▶ [WORK TO BE COMPLETED]:
Find the line containing "have := @sqrtr_le_add (mu" in the records below. Copy exactly that line and each one after it, ending at the line containing "move=> sv sx;", and nothing more.

▶ [SUPPLIED INFORMATION]:
-.-.-
(** Write S_n = u_1^2 + ... + u_n^2, so that ||X_n|| = sqrt S_n, and
    ||R(X_n) x||^2 = x^T G_n x with G_n(a,b) = sum_j u_j^2 (R_j v)_a (R_j v)_b.
    Since (R_j v)_a = v_a cos (j t_a) + (J v)_a sin (j t_a), where t_a is the frequency
    of the rotation plane of a and J is the quarter turn in every plane, each entry of
    G_n is a fixed combination of the weighted sums sum_j u_j^2 cos (j phi) and
    sum_j u_j^2 sin (j phi) with phi = t_a -+ t_b. If e^{i phi} <> 1, the partial sums
    of cos (j phi) and sin (j phi) are bounded by 1 / |sin (phi / 2)|, and summation by
    parts bounds the weighted sums by O(C^2 + sum_j |u_{j+1}^2 - u_j^2|) = o(n) = o(S_n).
    Only phi = 0 survives, which happens inside a rotation plane, and there the surviving
    coefficient vanishes off the diagonal. Hence G_n / S_n tends to the diagonal matrix
    with entries alpha_(plane of a)^2 / 2, whose largest eigenvalue is
    (max_k alpha_k)^2 / 2. *)

Section SqrtBounds.
Variable R : rcfType.

Lemma sqrtr_le_add (x y e : R) : 0 <= e -> y <= x + e ->
  Num.sqrt y <= Num.sqrt x + Num.sqrt e.
Proof.
move=> e_ge0 yxe; have [y_le0|y_gt0] := lerP y 0.
  by rewrite ler0_sqrtr // addr_ge0 ?sqrtr_ge0.
have [x_le0|x_gt0] := lerP x 0.
  by rewrite (ler0_sqrtr x_le0) add0r ler_wsqrtr //; lra.
rewrite -[leRHS]ger0_norm ?addr_ge0 ?sqrtr_ge0 // -sqrtr_sqr ler_wsqrtr //.
rewrite sqrrD !sqr_sqrtr ?(ltW x_gt0) //.
have := mulr_ge0 (sqrtr_ge0 x) (sqrtr_ge0 e); rewrite mulr2n; lra.
Qed.

Lemma dist_sqrt_le (mu e y : R) : 0 <= e ->
  Num.sqrt (mu - e) <= y <= Num.sqrt (mu + e) -> `|y - Num.sqrt mu| <= Num.sqrt e.
Proof.
move=> e_ge0 /andP[lo hi]; rewrite ler_norml; apply/andP; split.
  have := @sqrtr_le_add (mu - e) mu e e_ge0; rewrite subrK => /(_ (lexx _)); lra.
have := @sqrtr_le_add mu (mu + e) e e_ge0 (lexx _); lra.
Qed.

End SqrtBounds.

Lemma sup_sandwich (R : realType) (S : set R) (L M : R) :
  (forall y, S y -> y <= M) -> (exists2 y, S y & L <= y) -> L <= sup S <= M.
Proof.
move=> ubM [y Sy Ly]; apply/andP; split; last by apply: ge_sup; [exists y|].
by apply: le_trans Ly (sup_upper_bound _ _) => //; split; [exists y | exists M].
Qed.

Section EuclideanNorm.
Variable R : realType.
Implicit Types (n : nat).

Lemma vnorm_ge0 n (x : 'cV[R]_n) : 0 <= vnorm x.
Proof. exact: sqrtr_ge0. Qed.

Lemma sqr_vnorm n (x : 'cV[R]_n) : vnorm x ^+ 2 = \sum_(i < n) x i 0 ^+ 2.
Proof. by rewrite sqr_sqrtr // sumr_ge0 // => i _; exact: sqr_ge0. Qed.

Lemma sum_sqr_le1 n (x : 'cV[R]_n) : vnorm x <= 1 -> \sum_(i < n) x i 0 ^+ 2 <= 1.
Proof. by move=> x_le1; rewrite -sqr_vnorm exprn_ile1 ?vnorm_ge0. Qed.

Lemma normr_coord_le_vnorm n (x : 'cV[R]_n) (i : 'I_n) : `|x i 0| <= vnorm x.
Proof.
rewrite -sqrtr_sqr ler_wsqrtr // (bigD1 i) //= lerDl.
by apply: sumr_ge0 => j _; exact: sqr_ge0.
Qed.

Lemma normr_dot_le1 n (v x : 'cV[R]_n) : vnorm v = 1 -> vnorm x <= 1 ->
  `|\sum_(i < n) v i 0 * x i 0| <= 1.
Proof.
move=> v1 x_le1; have := sum_sqr_le1 x_le1; have := sqr_vnorm v; rewrite v1 expr1n.
move=> sv sx; apply: le_trans (ler_norm_sum _ _ _) _.
apply: (le_trans (y := \sum_(i < n) (v i 0 ^+ 2 + x i 0 ^+ 2) / 2)).
  apply: ler_sum => i _; rewrite normrM -(real_normK (num_real (v i 0))).
  by rewrite -(real_normK (num_real (x i 0))) leif_mean_square.
by rewrite -mulr_suml big_split /= -sv; lra.
Qed.

Lemma specnorm_perturbed_diag m n (A : 'M[R]_(m, n)) (S : R) (delta : 'I_n -> R)
    (e : 'I_n -> 'I_n -> R) (i0 : 'I_n) :
  0 <= S -> (forall i, 0 <= delta i <= delta i0) ->
  (forall x, vnorm (A *m x) ^+ 2
     = S * (\sum_i x i 0 ^+ 2 * delta i + \sum_i \sum_j x i 0 * x j 0 * e i j)) ->
  Num.sqrt (S * (delta i0 - \sum_i \sum_j `|e i j|)) <= specnorm A
    <= Num.sqrt (S * (delta i0 + \sum_i \sum_j `|e i j|)).
Proof.
move=> S_ge0 delta_le Ax; set E := \sum_i \sum_j `|e i j|.
have err_le x : vnorm x <= 1 -> `|\sum_i \sum_j x i 0 * x j 0 * e i j| <= E.
  move=> x_le1; apply: le_trans (ler_norm_sum _ _ _) _; apply: ler_sum => i _.
  apply: le_trans (ler_norm_sum _ _ _) _; apply: ler_sum => j _.
  rewrite !normrM ler_piMl // mulr_ile1 //.
    exact: le_trans (normr_coord_le_vnorm x i) x_le1.
  exact: le_trans (normr_coord_le_vnorm x j) x_le1.
have vnormE x : vnorm (A *m x) = Num.sqrt (vnorm (A *m x) ^+ 2).
  by rewrite sqrtr_sqr ger0_norm ?vnorm_ge0.
apply: sup_sandwich.
  move=> _ [x /= x_le1 <-]; rewrite vnormE Ax ler_wsqrtr // ler_wpM2l // lerD //.
    apply: (le_trans (y := \sum_i x i 0 ^+ 2 * delta i0)).
      by apply: ler_sum => i _; rewrite ler_wpM2l ?sqr_ge0 //; case/andP: (delta_le i).
    by rewrite -mulr_suml ler_piMl ?sum_sqr_le1 //; case/andP: (delta_le i0).
  exact: le_trans (ler_norm _) (err_le x x_le1).
have e0_coord i : (delta_mx i0 0 : 'cV[R]_n) i 0 = (i == i0)%:R.
  by rewrite mxE andbT.
have sum_e0 (F : 'I_n -> R) : \sum_i (delta_mx i0 0 : 'cV[R]_n) i 0 ^+ 2 * F i = F i0.
  rewrite (bigD1 i0) //= e0_coord eqxx expr1n mul1r big1 ?addr0 // => i /negbTE i_ne.
  by rewrite e0_coord i_ne expr0n mul0r.
have e0_unit : vnorm (delta_mx i0 0 : 'cV[R]_n) = 1.
  rewrite /vnorm (eq_bigr (fun i => (delta_mx i0 0 : 'cV[R]_n) i 0 ^+ 2 * 1)).
    by rewrite sum_e0 sqrtr1.
  by move=> i _; rewrite mulr1.
exists (vnorm (A *m delta_mx i0 0)).
  by exists (delta_mx i0 0) => //=; rewrite e0_unit.
rewrite vnormE Ax sum_e0 ler_wsqrtr // ler_wpM2l //.
have e0_le1 : vnorm (delta_mx i0 0 : 'cV[R]_n) <= 1 by rewrite e0_unit.
by have := err_le _ e0_le1; rewrite ler_norml => /andP[lo _]; lra.
Qed.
-.-.-
▶ [ANSWER TO THIS PROBLEM]:
  have := @sqrtr_le_add (mu - e) mu e e_ge0; rewrite subrK => /(_ (lexx _)); lra.
have := @sqrtr_le_add mu (mu + e) e e_ge0 (lexx _); lra.
Qed.

End SqrtBounds.

Lemma sup_sandwich (R : realType) (S : set R) (L M : R) :
  (forall y, S y -> y <= M) -> (exists2 y, S y & L <= y) -> L <= sup S <= M.
Proof.
move=> ubM [y Sy Ly]; apply/andP; split; last by apply: ge_sup; [exists y|].
by apply: le_trans Ly (sup_upper_bound _ _) => //; split; [exists y | exists M].
Qed.

Section EuclideanNorm.
Variable R : realType.
Implicit Types (n : nat).

Lemma vnorm_ge0 n (x : 'cV[R]_n) : 0 <= vnorm x.
Proof. exact: sqrtr_ge0. Qed.

Lemma sqr_vnorm n (x : 'cV[R]_n) : vnorm x ^+ 2 = \sum_(i < n) x i 0 ^+ 2.
Proof. by rewrite sqr_sqrtr // sumr_ge0 // => i _; exact: sqr_ge0. Qed.

Lemma sum_sqr_le1 n (x : 'cV[R]_n) : vnorm x <= 1 -> \sum_(i < n) x i 0 ^+ 2 <= 1.
Proof. by move=> x_le1; rewrite -sqr_vnorm exprn_ile1 ?vnorm_ge0. Qed.

Lemma normr_coord_le_vnorm n (x : 'cV[R]_n) (i : 'I_n) : `|x i 0| <= vnorm x.
Proof.
rewrite -sqrtr_sqr ler_wsqrtr // (bigD1 i) //= lerDl.
by apply: sumr_ge0 => j _; exact: sqr_ge0.
Qed.

Lemma normr_dot_le1 n (v x : 'cV[R]_n) : vnorm v = 1 -> vnorm x <= 1 ->
  `|\sum_(i < n) v i 0 * x i 0| <= 1.
Proof.
move=> v1 x_le1; have := sum_sqr_le1 x_le1; have := sqr_vnorm v; rewrite v1 expr1n.
move=> sv sx; apply: le_trans (ler_norm_sum _ _ _) _.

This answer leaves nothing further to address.